__EXERCISE OBJECTIVE__: Return exactly the lines below, starting with the one that has "total_on C subset ->" and going on through the one that has "move=> lsW; have W0 : W 0 by case: lsW.".

__STORED DATA__:
____

(* Let $\mu_1<\mu_2$ and $\sigma>0$ be real numbers, put $\theta^*=\frac{\mu_1+\mu_2}{2}$ and $x=\frac{\mu_2-\mu_1}{2\sigma}>0$. For $\theta\in\mathbb{R}$ let $\Delta=\theta-\theta^*$, and let $\pi_+(\theta)=\frac{e^{\Delta(\mu_2-\mu_1)/\sigma^2}}{1+e^{\Delta(\mu_2-\mu_1)/\sigma^2}}$ and $\pi_-(\theta)=1-\pi_+(\theta)$. Let $Q_\theta$ be the law of $X$ where $P(Y=+1)=\pi_+(\theta)$, $P(Y=-1)=\pi_-(\theta)$, $X\mid Y=+1\sim\mathcal N(\mu_1,\sigma^2)$ and $X\mid Y=-1\sim\mathcal N(\mu_2,\sigma^2)$. (Thus $\theta$ is exactly the Bayes-optimal decision threshold $\theta^*+\frac{\sigma^2}{\mu_2-\mu_1}\log\frac{\pi_+(\theta)}{\pi_-(\theta)}$ for $Q_\theta$.) Define $$\hat\mu_L(\theta)=\mathbb E_{Q_\theta}[X\mid X<\theta],\qquad \hat\mu_R(\theta)=\mathbb E_{Q_\theta}[X\mid X>\theta],\qquad g(\theta)=\frac{\hat\mu_L(\theta)+\hat\mu_R(\theta)}{2}.$$ Then $g(\theta^* )=\theta^*$, $g$ is differentiable at $\theta^*$, and $$g'(\theta^* )=C(x):=\bigl(2\varphi(x)+2x\Phi(x)\bigr)\bigl(2\varphi(x)-2x\Phi(-x)\bigr)=4\Bigl(\varphi(x)^2+\varphi(x)\,x\,(2\Phi(x)-1)-x^2\Phi(x)(1-\Phi(x))\Bigr),$$ which satisfies $0<C(x)\le \frac{2}{\pi}<1$ for all $x\ge 0$, with maximum value $\frac{2}{\pi}$ attained at $x=0$. Consequently, for every $c\in(2/\pi,1)$ there is $\delta>0$ such that $|\theta-\theta^*|<\delta$ implies $|g(\theta)-\theta^*|\le c\,|\theta-\theta^*|$; i.e. the iteration $\hat\theta_{t+1}=g(\hat\theta_t)$ converges linearly to $\theta^*$ once $\hat\theta_t$ is sufficiently close to $\theta^*$, with asymptotic rate at most $2/\pi$.
   Context: $\Phi$ denotes the standard normal cumulative distribution function and $\varphi(u)=\frac{1}{\sqrt{2\pi}}e^{-u^2/2}$ its density. The map $g$ models one step of balanced sampling with pseudo-labels: given the current decision boundary $\hat\theta_t$ (which is biased by the label imbalance $\pi_+/\pi_-$ of the current sample), the data are split by $\hat\theta_t$ into two pseudo-classes, the mean of each pseudo-class is estimated, and the new boundary $\hat\theta_{t+1}$ is the midpoint of these two estimated means. The paper phrases the result as: if $|\hat\theta_T-\theta^*|\ll|\mu_2-\mu_1|$ and $|(\hat\theta_T-\theta^* )(\mu_2-\mu_1)|\ll\sigma^2$, then $|\hat\theta_{t+1}-\theta^*|\le C|\hat\theta_t-\theta^*|$ for $t\ge T$ with $C=2/\pi$, understood to first order in $\hat\theta_t-\theta^*$. *)

From Stdlib Require Import Reals.
From Coquelicot Require Import Coquelicot.
Open Scope R_scope.
Lemma no_best_approx_of_empty_cap (M : set V) (c : nat -> V) (r : nat -> R) y :
  (forall n, M (c n)) -> (forall n, nrm (y - c n) <= r n) ->
  ~ (exists m, forall n, cball_in nrm M (c n) (r n) m) -> ~ has_best_approx M y.
Proof.
move=> Mc y_in no_m [m Mm m_best]; apply: no_m; exists m => n; split=> //.
rewrite leNgt; apply/negP => r_lt.
have yc_lt : nrm (y - c n) < nrm (m - c n) := le_lt_trans (y_in n) r_lt.
have := unorm_isosceles (x := m - c n) (y := m - y).
rewrite opprB addrC addrA subrK => /(_ yc_lt); rewrite unorm_distC => my.
by have := m_best _ (Mc n); rewrite my leNgt yc_lt.
Qed.

Lemma maximal_immediate_sph_complete (W M : set V) : W 0 -> W `<=` M ->
  lin_subspace M -> immediate_incl nrm W M -> sph_complete nrm setT ->
  (forall N, lin_subspace N -> W `<=` N -> immediate_incl nrm W N ->
     M `<=` N -> N = M) ->
  sph_complete nrm M.
Proof.
move=> W0 WM lsM WM_imm V_sph M_max c r Mc r_ge0 nested.
apply: contrapT => no_m.
have [y y_in] := sph_complete_cball_in_point V_sph Mc r_ge0 nested.
have no_best := no_best_approx_of_empty_cap Mc y_in no_m.
have M0 : M 0 by case: lsM.
have eqM : adjoin M y = M.
  apply: M_max; first exact: lin_subspace_adjoin.
  - exact: subset_trans WM (@subset_adjoin M y).
  - exact: immediate_incl_trans W0 M0 WM_imm (immediate_incl_adjoin lsM no_best).
  - exact: subset_adjoin.
apply: no_best; exists y; first by rewrite -eqM; exact: adjoin_self.
by move=> m _; rewrite subrr unorm0 unorm_ge0.
Qed.

Definition immediate_ext (W : set V) :=
  [set M : set V | lin_subspace M /\ W `<=` M /\ immediate_incl nrm W M].

Lemma immediate_ext_bigcup W (C : set (set V)) : C `<=` immediate_ext W ->
  total_on C subset -> C !=set0 -> immediate_ext W (\bigcup_(Z in C) Z).
Proof.
move=> C_ext C_tot [Z0 CZ0]; have [[Z00 _ _] [WZ0 _]] := C_ext Z0 CZ0.
have common_member x y : (\bigcup_(Z in C) Z) x -> (\bigcup_(Z in C) Z) y ->
    exists2 Z, C Z & Z x /\ Z y.
  move=> [Z1 CZ1 Z1x] [Z2 CZ2 Z2y].
  have [Z12|Z21] := C_tot Z1 Z2 CZ1 CZ2.
    by exists Z2 => //; split=> //; exact: Z12.
  by exists Z1 => //; split=> //; exact: Z21.
split; [split|split].
- by exists Z0.
- move=> x y xC yC; have [Z CZ [Zx Zy]] := common_member x y xC yC.
  by exists Z => //; have [[_ ZD _] _] := C_ext Z CZ; exact: ZD.
- by move=> k x [Z CZ Zx]; exists Z => //; have [[_ _ ZZ] _] := C_ext Z CZ; exact: ZZ.
- by move=> x Wx; exists Z0 => //; exact: WZ0.
- by move=> v [Z CZ Zv]; have [_ [_ imm]] := C_ext Z CZ; exact: imm.
Qed.

(* The chains of Zorn's lemma may be empty, so W is added to each of them. *)
Lemma exists_maximal_immediate_ext (W : set V) : lin_subspace W ->
  exists M, immediate_ext W M /\
    forall N, immediate_ext W N -> M `<=` N -> N = M.
Proof.
move=> lsW; have W0 : W 0 by case: lsW.
have W_ext : immediate_ext W W by split; last split; last exact: immediate_incl_refl.
pose sub (A B : {M | immediate_ext W M}) := `[< sval A `<=` sval B >].
have [| | | |[M M_ext] M_max] := @Zorn _ sub.
- by move=> ?; exact/asboolP.
- by move=> ? ? ? /asboolP AB /asboolP BC; apply/asboolP; exact: subset_trans BC.
- by move=> [A ?] [B ?] /asboolP AB /asboolP BA; exact/eq_exist/seteqP.
- move=> A A_tot; pose C := [set Z | Z = W \/ exists2 X, A X & sval X = Z].
  have C_ext : C `<=` immediate_ext W by move=> Z [->|[X _ <-]] //; exact: svalP.
  have C_tot : total_on C subset.
    have WC Z : C Z -> W `<=` Z by move=> /C_ext [_ []].
    move=> Z1 Z2 [->|[X1 AX1 <-]]; first by left; exact: WC.
    move=> [->|[X2 AX2 <-]]; first by right; apply: WC; right; exists X1.
    by have [/asboolP|/asboolP] := A_tot X1 X2 AX1 AX2; [left|right].
  have C_W : C W by left.
  exists (exist _ _ (immediate_ext_bigcup C_ext C_tot (ex_intro _ W C_W))).
  by move=> X AX; apply/asboolP => x Xx; exists (sval X) => //; right; exists X.
- exists M; split=> // N N_ext MN.
  by have /(congr1 sval) := M_max (exist _ N N_ext) (asboolT MN).
Qed.

End UltrametricNormedSpace.

Theorem proposition6p3 (R : realType) (K : fieldType) (a : K -> R)
  (E F : lmodType K) (nE : E -> R) (nF : F -> R) (f : {linear E -> F}) :
  ultra_abs a -> nontrivial_abs a ->
  ultra_norm a nE -> ultra_norm a nF ->
  sph_complete nF setT ->
  (forall x, nF (f x) = nE x) ->
  let S := [set M : set F | lin_subspace M /\ range f `<=` M /\
                            immediate_incl nF (range f) M] in
  (exists M, S M /\ forall N, S N -> M `<=` N -> N = M) /\
  (forall M, S M -> (forall N, S N -> M `<=` N -> N = M) ->
     sph_completion nE nF f M).
Proof.
move=> ha _ _ hF F_sph f_iso S.
have f0 : range f 0 by exists 0 => //; rewrite linear0.
have ls_f : lin_subspace (range f).
  split=> // [_ _ [u _ <-] [u' _ <-]|k _ [u _ <-]].
    by exists (u + u') => //; rewrite linearD.
  by exists (k *: u) => //; rewrite linearZ.
split; first exact: exists_maximal_immediate_ext ha hF _ ls_f.
move=> M [lsM [fM f_imm]] M_max; split; first split=> //.
- by move=> x; apply: fM; exists x.
- exact: linearP.
- apply: maximal_immediate_sph_complete ha hF _ _ f0 fM lsM f_imm F_sph _.
  by move=> N lsN fN N_imm MN; apply: M_max.
- move=> N lsN NM fN.
  exact: immediate_sph_complete_eq ha hF _ _ _ f0 f_imm lsM lsN NM fN.
Qed.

____

__RESPONSE AREA__:
  total_on C subset -> C !=set0 -> immediate_ext W (\bigcup_(Z in C) Z).
Proof.
move=> C_ext C_tot [Z0 CZ0]; have [[Z00 _ _] [WZ0 _]] := C_ext Z0 CZ0.
have common_member x y : (\bigcup_(Z in C) Z) x -> (\bigcup_(Z in C) Z) y ->
    exists2 Z, C Z & Z x /\ Z y.
  move=> [Z1 CZ1 Z1x] [Z2 CZ2 Z2y].
  have [Z12|Z21] := C_tot Z1 Z2 CZ1 CZ2.
    by exists Z2 => //; split=> //; exact: Z12.
  by exists Z1 => //; split=> //; exact: Z21.
split; [split|split].
- by exists Z0.
- move=> x y xC yC; have [Z CZ [Zx Zy]] := common_member x y xC yC.
  by exists Z => //; have [[_ ZD _] _] := C_ext Z CZ; exact: ZD.
- by move=> k x [Z CZ Zx]; exists Z => //; have [[_ _ ZZ] _] := C_ext Z CZ; exact: ZZ.
- by move=> x Wx; exists Z0 => //; exact: WZ0.
- by move=> v [Z CZ Zv]; have [_ [_ imm]] := C_ext Z CZ; exact: imm.
Qed.

(* The chains of Zorn's lemma may be empty, so W is added to each of them. *)
Lemma exists_maximal_immediate_ext (W : set V) : lin_subspace W ->
  exists M, immediate_ext W M /\
    forall N, immediate_ext W N -> M `<=` N -> N = M.
Proof.
move=> lsW; have W0 : W 0 by case: lsW.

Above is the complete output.